- **Problem statement**
Repeat the lines below exactly as written, please, from the line with "by rewrite ImJ;" to the line with "Proof. by move=> i j; exact: ccvg_cst. Qed.", both lines included, and no others.

- **Records shown**
(* Consider a downlink system with $L$ transmitters, each having $M$ antennas, $K$ single-antenna data receivers and $J$ single-antenna energy receivers. For $k\in\{1,\dots,K\}$ let $\mathbf{h}_k\in\mathbb{C}^{ML\times1}$ and $\mathbf{H}_k=\mathbf{h}_k\mathbf{h}_k^H$; for $j\in\{1,\dots,J\}$ let $\mathbf{g}_j\in\mathbb{C}^{ML\times1}$ and $\mathbf{G}_j=\mathbf{g}_j\mathbf{g}_j^H$. For $l\in\{1,\dots,L\}$ let $\mathbf{A}_l$ be the $ML\times ML$ diagonal matrix with $(l-1)M$ leading zeros, then $M$ ones, then $(L-l)M$ zeros on its diagonal. Fix $\sigma^2>0$, $\eta\in(0,1)$, $Q_{\min}\ge0$, $C_l>0$, $E_l>0$, $\beta_{kl}>0$, $\hat R_k\ge 0$. Let $\mathcal{F}_0$ be the set of tuples of Hermitian matrices $(\{\mathbf{W}_k\}_{k=1}^K,\{\mathbf{V}_j\}_{j=1}^J)$ satisfying (a) $\sum_{i=1}^K\mathrm{tr}(\mathbf{G}_j\mathbf{W}_i)+\sum_{i=1}^J\mathrm{tr}(\mathbf{G}_j\mathbf{V}_i)\ge Q_{\min}/\eta$ for all $j$; (b) $\sum_{k=1}^K\beta_{kl}\,\mathrm{tr}(\mathbf{W}_k\mathbf{A}_l)\,\hat R_k\le C_l$ for all $l$; (c) $\mathbf{W}_k\succeq0$, $\mathbf{V}_j\succeq0$ for all $k,j$. Let (P4) be the problem of maximizing $$\min_{k}\frac{\mathrm{tr}(\mathbf{H}_k\mathbf{W}_k)}{\sum_{i\neq k}\mathrm{tr}(\mathbf{H}_k\mathbf{W}_i)+\sum_{i=1}^J\mathrm{tr}(\mathbf{H}_k\mathbf{V}_i)+\sigma^2}$$ over $\mathcal{F}_0$ subject additionally to $\sum_{k=1}^K\mathrm{tr}(\mathbf{W}_k\mathbf{A}_l)+\sum_{j=1}^J\mathrm{tr}(\mathbf{V}_j\mathbf{A}_l)\le E_l$ for all $l$, and let $\gamma_{\max}$ denote its optimal value. For $\gamma>0$, let (P5) be the problem of minimizing $$\max_{l}\frac{\sum_{k=1}^K\mathrm{tr}(\mathbf{W}_k\mathbf{A}_l)+\sum_{j=1}^J\mathrm{tr}(\mathbf{V}_j\mathbf{A}_l)}{E_l}$$ over $\mathcal{F}_0$ subject additionally to $\frac1\gamma\mathrm{tr}(\mathbf{H}_k\mathbf{W}_k)-\sum_{i\ne k}\mathrm{tr}(\mathbf{H}_k\mathbf{W}_i)-\sum_{i=1}^J\mathrm{tr}(\mathbf{H}_k\mathbf{V}_i)-\sigma^2\ge0$ for all $k$, and let $h(\gamma)$ denote its optimal value. Call $\gamma$ achievable if $\gamma\le\gamma_{\max}$. Then a common SINR target $\gamma>0$ is achievable if and only if $h(\gamma)\le 1$.
   Context: $\mathrm{tr}$ denotes trace and $\succeq0$ positive semidefiniteness. The ratio in (P4) is the signal-to-interference-plus-noise ratio (SINR) of data receiver $k$ under the relaxed beamforming covariances $\mathbf{W}_k$ (data) and $\mathbf{V}_j$ (energy); $h(\gamma)$ is the minimum weighted peak transmit power needed to give every data receiver SINR at least $\gamma$. *)

From mathcomp Require Import all_boot all_order all_algebra.
From mathcomp Require Import complex.
From mathcomp Require Import boolp classical_sets reals constructive_ereal ereal.
Set Implicit Arguments. Unset Strict Implicit. Unset Printing Implicit Defensive.
Import Order.TTheory GRing.Theory Num.Theory.
Local Open Scope ring_scope.
Local Open Scope classical_set_scope.

Section Defs.
Variable R : realType.
Local Notation C := (R[i]).

Definition adjmx m n (A : 'M[C]_(m, n)) : 'M[C]_(n, m) := (map_mx conjc A)^T.

Definition hermitian n (W : 'M[C]_n) : Prop := adjmx W = W.

Definition psd n (W : 'M[C]_n) : Prop :=
  hermitian W /\ forall x : 'cV[C]_n, 0 <= (adjmx x *m W *m x) 0 0.

(* real part of tr(A B) (the traces occurring below are real) *)
Definition rtr n (A B : 'M[C]_n) : R := complex.Re (\tr (A *m B)).

Variables (L M K J : nat).
Local Notation N := (M * L)%N.

(* A_l (0-indexed l): ones on the diagonal positions l*M .. (l+1)*M - 1 *)
Definition Amat (l : 'I_L) : 'M[C]_N :=
  \matrix_(i, j) (if (i == j) && (l * M <= i < l.+1 * M)%N then 1 else 0).

Definition outer (h : 'cV[C]_N) : 'M[C]_N := h *m adjmx h.

Variables (h : 'I_K -> 'cV[C]_N) (g : 'I_J -> 'cV[C]_N)
  (sigma2 eta Qmin : R) (Cl El : 'I_L -> R) (beta : 'I_K -> 'I_L -> R)
  (Rhat : 'I_K -> R).

Definition F0 (W : 'I_K -> 'M[C]_N) (V : 'I_J -> 'M[C]_N) : Prop :=
  [/\ (forall j, Qmin / eta <= \sum_i rtr (outer (g j)) (W i)
                             + \sum_i rtr (outer (g j)) (V i)),
      (forall l, \sum_k beta k l * rtr (W k) (Amat l) * Rhat k <= Cl l),
      (forall k, psd (W k)) & (forall j, psd (V j))].

Definition load (W : 'I_K -> 'M[C]_N) (V : 'I_J -> 'M[C]_N) (l : 'I_L) : R :=
  \sum_k rtr (W k) (Amat l) + \sum_j rtr (V j) (Amat l).

Definition interf (W : 'I_K -> 'M[C]_N) (V : 'I_J -> 'M[C]_N) (k : 'I_K) : R :=
  \sum_(i | i != k) rtr (outer (h k)) (W i) + \sum_i rtr (outer (h k)) (V i).

Definition sinr W V (k : 'I_K) : R :=
  rtr (outer (h k)) (W k) / (interf W V k + sigma2).

Definition obj4 W V : \bar R := \big[Order.min/+oo%E]_k (sinr W V k)%:E.

Definition gamma_max : \bar R :=
  ereal_sup [set x | exists W V,
    (F0 W V /\ forall l, load W V l <= El l) /\ x = obj4 W V].

Definition obj5 W V : \bar R := \big[Order.max/-oo%E]_l (load W V l / El l)%:E.

Definition hfun (gamma : R) : \bar R :=
  ereal_inf [set x | exists W V,
    (F0 W V /\ forall k,
       gamma^-1 * rtr (outer (h k)) (W k) - interf W V k - sigma2 >= 0)
    /\ x = obj5 W V].

End Defs.

(* Both conditions say that some tuple in F_0 has every load at most E_l and
   every SINR at least gamma; the point is that the supremum gamma_max and the
   infimum h(gamma) are attained.  A positive semidefinite Y satisfies
   |Re Y_ij|, |Im Y_ij| <= (Y_ii + Y_jj) / 2, and each diagonal entry is bounded
   by the load of the transmitter owning that antenna, so nearly optimal tuples
   (SINR >= gamma - 1/(n+1), resp. loads <= (1 + 1/(n+1)) E_l) lie in a bounded
   set.  By Bolzano-Weierstrass, applied entrywise, a subsequence converges; all
   constraints are continuous and the positive semidefinite cone is closed, so
   the limit meets the constraints with gamma itself. *)

From mathcomp Require Import all_boot all_order all_algebra.
From mathcomp Require Import complex.
From mathcomp Require Import boolp classical_sets reals constructive_ereal ereal.
From mathcomp Require Import topology normedtype sequences.
From mathcomp Require Import lra.
Set Implicit Arguments. Unset Strict Implicit. Unset Printing Implicit Defensive.
Import Order.TTheory GRing.Theory Num.Theory.
Local Open Scope ring_scope.
Import numFieldNormedType.Exports.
Local Open Scope classical_set_scope.

Local Notation Re := complex.Re.
Local Notation Im := complex.Im.

Section RealSequences.
Variable R : realType.

Lemma ler_cvg_seq (u v : R^nat) (a b : R) :
  u @ \oo --> a -> v @ \oo --> b -> (forall n, u n <= v n) -> a <= b.
Proof. by move=> ua vb uv; apply: (ler_cvg_to ua vb); apply: nearW. Qed.

Lemma cvg_sum_seq (I : finType) (P : pred I) (u : I -> R^nat) (a : I -> R) :
  (forall i, u i @ \oo --> a i) ->
  (fun n => \sum_(i | P i) u i n) @ \oo --> \sum_(i | P i) a i.
Proof. by move=> ua; apply: cvg_big => //; exact: add_continuous. Qed.

Lemma increasing_seq_geq (p : nat -> nat) : increasing_seq p -> forall n, (n <= p n)%N.
Proof.
move/increasing_seqP => incr; elim=> // n IHn.
exact: leq_ltn_trans IHn (incr n).
Qed.

Lemma cvg_subseq (p : nat -> nat) (u : R^nat) (a : R) :
  increasing_seq p -> u @ \oo --> a -> u \o p @ \oo --> a.
Proof.
move=> incr ua; apply: cvg_comp ua => A [N _ NA]; exists N => // n /= Nn.
exact/NA/(leq_trans Nn)/increasing_seq_geq.
Qed.

Lemma bolzano_weierstrass_fin (I : finType) (u : nat -> I -> R) (B : R) :
  (forall n i, `|u n i| <= B) ->
  exists p, exists2 c : I -> R,
    increasing_seq p & forall i, (fun n => u (p n) i) @ \oo --> c i.
Proof.
move=> uB.
suff [p [c incr pc]] : exists p, exists2 c : I -> R, increasing_seq p &
    forall i, i \in enum I -> (fun n => u (p n) i) @ \oo --> c i.
  by exists p, c => // i; apply: pc; rewrite mem_enum.
elim: (enum I) => [|i s [p [c incr pc]]]; first by exists id, (fun=> 0).
have /bolzano_weierstrass[q incrq /cvg_ex[ci qci]] : bounded_fun (fun n => u (p n) i).
  exists B; split; first exact: num_real.
  by move=> b Bb x _; apply: le_trans (uB _ _) (ltW Bb).
exists (p \o q), (fun j => if j == i then ci else c j).
  by move=> m n /=; rewrite incr; exact: incrq.
move=> j; rewrite inE; case: eqP => [-> _|_ /= js]; first exact: qci.
exact: cvg_subseq incrq (pc j js).
Qed.

End RealSequences.

Section ComplexSequences.
Variable R : realType.
Local Notation C := R[i].

Definition ccvg (u : nat -> C) (z : C) :=
  (fun n => Re (u n)) @ \oo --> Re z /\ (fun n => Im (u n)) @ \oo --> Im z.

Lemma ccvg_cst (z : C) : ccvg (fun=> z) z.
Proof. by split; exact: cvg_cst. Qed.

Lemma ccvg_sum (I : finType) (P : pred I) (u : I -> nat -> C) (a : I -> C) :
  (forall i, ccvg (u i) (a i)) ->
  ccvg (fun n => \sum_(i | P i) u i n) (\sum_(i | P i) a i).
Proof.
move=> ua; split; rewrite raddf_sum; under eq_cvg do rewrite raddf_sum.
  by apply: cvg_sum_seq => i; case: (ua i).
by apply: cvg_sum_seq => i; case: (ua i).
Qed.

Lemma ccvgM (u v : nat -> C) (a b : C) :
  ccvg u a -> ccvg v b -> ccvg (fun n => u n * v n) (a * b).
Proof.
have ReM (x y : C) : Re (x * y) = Re x * Re y - Im x * Im y.
  by case: x y => [? ?] [? ?].
have ImM (x y : C) : Im (x * y) = Re x * Im y + Im x * Re y.
  by case: x y => [? ?] [? ?] /=; rewrite addrC.
move=> [ua ua'] [vb vb']; split.
  by rewrite ReM; under eq_cvg do rewrite ReM; apply: cvgB; apply: cvgM.
by rewrite ImM; under eq_cvg do rewrite ImM; apply: cvgD; apply: cvgM.
Qed.

Lemma ccvgJ (u : nat -> C) (a : C) : ccvg u a -> ccvg (fun n => (u n)^*%C) a^*%C.
Proof.
have ReJ (x : C) : Re x^*%C = Re x by case: x.
have ImJ (x : C) : Im x^*%C = - Im x by case: x.
move=> [ua ua']; split; first by rewrite ReJ; under eq_cvg do rewrite ReJ.
by rewrite ImJ; under eq_cvg do rewrite ImJ; apply: cvgN.
Qed.

Lemma ccvg_unique (u : nat -> C) (a b : C) : ccvg u a -> ccvg u b -> a = b.
Proof.
case: a b => [a a'] [b b'] [ua ua'] [ub ub'].
have /= -> := cvg_unique (@Rhausdorff R) ua ub.
by have /= -> := cvg_unique (@Rhausdorff R) ua' ub'.
Qed.

Lemma ccvg_ge0 (u : nat -> C) (a : C) : ccvg u a -> (forall n, 0 <= u n) -> 0 <= a.
Proof.
move=> [ua ua'] u_ge0; rewrite lecE; apply/andP; split.
  have Im0 : (fun n => Im (u n)) = fun=> 0 by apply/funext => n; exact: ger0_Im.
  move: ua'; rewrite Im0 => /(cvg_unique (@Rhausdorff R) (cvg_cst 0)) Ima.
  by rewrite -Ima.
apply: ler_cvg_seq (cvg_cst 0) ua _ => n.
by have := u_ge0 n; rewrite lecE => /andP[].
Qed.

End ComplexSequences.

Section MatrixSequences.
Variable R : realType.
Local Notation C := R[i].

Definition mxcvg m n (Xn : nat -> 'M[C]_(m, n)) (X : 'M[C]_(m, n)) :=
  forall i j, ccvg (fun k => Xn k i j) (X i j).

Lemma mxcvg_cst m n (X : 'M[C]_(m, n)) : mxcvg (fun=> X) X.
Proof. by move=> i j; exact: ccvg_cst. Qed.

Lemma mxcvg_mul m n p (Xn : nat -> 'M[C]_(m, n)) (Yn : nat -> 'M[C]_(n, p)) X Y :
  mxcvg Xn X -> mxcvg Yn Y -> mxcvg (fun k => Xn k *m Yn k) (X *m Y).
Proof.
move=> XnX YnY i j; rewrite mxE.
have -> : (fun k => (Xn k *m Yn k) i j) = fun k => \sum_l Xn k i l * Yn k l j.
  by apply/funext => k; rewrite mxE.
by apply: ccvg_sum => l; apply: ccvgM.
Qed.

Lemma mxcvg_adj m n (Xn : nat -> 'M[C]_(m, n)) X :
  mxcvg Xn X -> mxcvg (fun k => adjmx (Xn k)) (adjmx X).
Proof.
move=> XnX i j; rewrite !mxE.
have -> : (fun k => adjmx (Xn k) i j) = fun k => (Xn k j i)^*%C.
  by apply/funext => k; rewrite !mxE.
exact: ccvgJ.
Qed.

Lemma cvg_rtr n (Xn Yn : nat -> 'M[C]_n) X Y : mxcvg Xn X -> mxcvg Yn Y ->
  (fun k => rtr (Xn k) (Yn k)) @ \oo --> rtr X Y.
Proof.
move=> XnX YnY; have XYn := mxcvg_mul XnX YnY.
by have [] := ccvg_sum xpredT (fun i => XYn i i).
Qed.

Lemma psd_closed n (Xn : nat -> 'M[C]_n) X :
  mxcvg Xn X -> (forall k, psd (Xn k)) -> psd X.
Proof.
move=> XnX psdXn; split.
  have := mxcvg_adj XnX.
  rewrite (_ : (fun k => _) = Xn); last by apply/funext => k; case: (psdXn k).
  by move=> XnXadj; apply/matrixP => i j; exact: ccvg_unique (XnXadj i j) (XnX i j).
move=> x; have quad := mxcvg_mul (mxcvg_mul (mxcvg_cst (adjmx x)) XnX) (mxcvg_cst x).
by apply: ccvg_ge0 (quad 0 0) _ => k; exact: (psdXn k).2.
Qed.

Lemma bolzano_weierstrass_mx (I : finType) m n (Xn : nat -> I -> 'M[C]_(m, n)) B :
  (forall k s i j, `|Re (Xn k s i j)| <= B /\ `|Im (Xn k s i j)| <= B) ->
  exists p, exists2 X : I -> 'M[C]_(m, n),
    increasing_seq p & forall s, mxcvg (fun k => Xn (p k) s) (X s).
Proof.
move=> XnB.
pose u k (x : I * 'I_m * 'I_n * bool) :=
  let: (s, i, j, b) := x in if b then Re (Xn k s i j) else Im (Xn k s i j).
have [|p [c incr pc]] := @bolzano_weierstrass_fin _ _ u B.
  by move=> k [[[s i] j] []]; case: (XnB k s i j).
exists p, (fun s => \matrix_(i, j) Complex (c (s, i, j, true)) (c (s, i, j, false))) => //.
by move=> s i j; rewrite mxE; split; [exact: (pc (s, i, j, true)) | exact: (pc (s, i, j, false))].
Qed.

End MatrixSequences.

Section PositiveSemidefinite.
Variables (R : realType) (n : nat).
Local Notation C := R[i].

Lemma rtr_mul_adj_ge0 (x : 'cV[C]_n) (W : 'M[C]_n) : psd W -> 0 <= rtr (x *m adjmx x) W.
Proof.
move=> psdW; rewrite /rtr -mulmxA mxtrace_mulC trace_mx11.
by have := psdW.2 x; rewrite lecE => /andP[].
Qed.

Lemma psd_quad_pair (Y : 'M[C]_n) i j (v : C) : psd Y ->
  0 <= Re (Y i i + v * Y i j + v^*%C * Y j i + v^*%C * v * Y j j).
Proof.
move=> psdY; pose x : 'cV[C]_n := delta_mx i 0 + v *: delta_mx j 0.
have adjx : adjmx x = delta_mx 0 i + v^*%C *: delta_mx 0 j.
  apply/matrixP => a b; rewrite !mxE rmorphD rmorphM !rmorph_nat.
  by rewrite [(b == i) && _]andbC [(b == j) && _]andbC.
have entry (a b : 'I_n) :
    (delta_mx 0 a : 'rV[C]_n) *m Y *m (delta_mx b 0 : 'cV[C]_n) = (Y a b)%:M.
  by apply/matrixP => ? ?; rewrite !ord1 -rowE -colE !mxE.
have := psdY.2 x; rewrite adjx /x !mulmxDl !mulmxDr -!scalemxAl -!scalemxAr !entry.
by rewrite !mxE /= !mulr1n !addrA !mulrA lecE => /andP[].
Qed.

- **Task solution**
by rewrite ImJ; under eq_cvg do rewrite ImJ; apply: cvgN.
Qed.

Lemma ccvg_unique (u : nat -> C) (a b : C) : ccvg u a -> ccvg u b -> a = b.
Proof.
case: a b => [a a'] [b b'] [ua ua'] [ub ub'].
have /= -> := cvg_unique (@Rhausdorff R) ua ub.
by have /= -> := cvg_unique (@Rhausdorff R) ua' ub'.
Qed.

Lemma ccvg_ge0 (u : nat -> C) (a : C) : ccvg u a -> (forall n, 0 <= u n) -> 0 <= a.
Proof.
move=> [ua ua'] u_ge0; rewrite lecE; apply/andP; split.
  have Im0 : (fun n => Im (u n)) = fun=> 0 by apply/funext => n; exact: ger0_Im.
  move: ua'; rewrite Im0 => /(cvg_unique (@Rhausdorff R) (cvg_cst 0)) Ima.
  by rewrite -Ima.
apply: ler_cvg_seq (cvg_cst 0) ua _ => n.
by have := u_ge0 n; rewrite lecE => /andP[].
Qed.

End ComplexSequences.

Section MatrixSequences.
Variable R : realType.
Local Notation C := R[i].

Definition mxcvg m n (Xn : nat -> 'M[C]_(m, n)) (X : 'M[C]_(m, n)) :=
  forall i j, ccvg (fun k => Xn k i j) (X i j).

Lemma mxcvg_cst m n (X : 'M[C]_(m, n)) : mxcvg (fun=> X) X.
Proof. by move=> i j; exact: ccvg_cst. Qed.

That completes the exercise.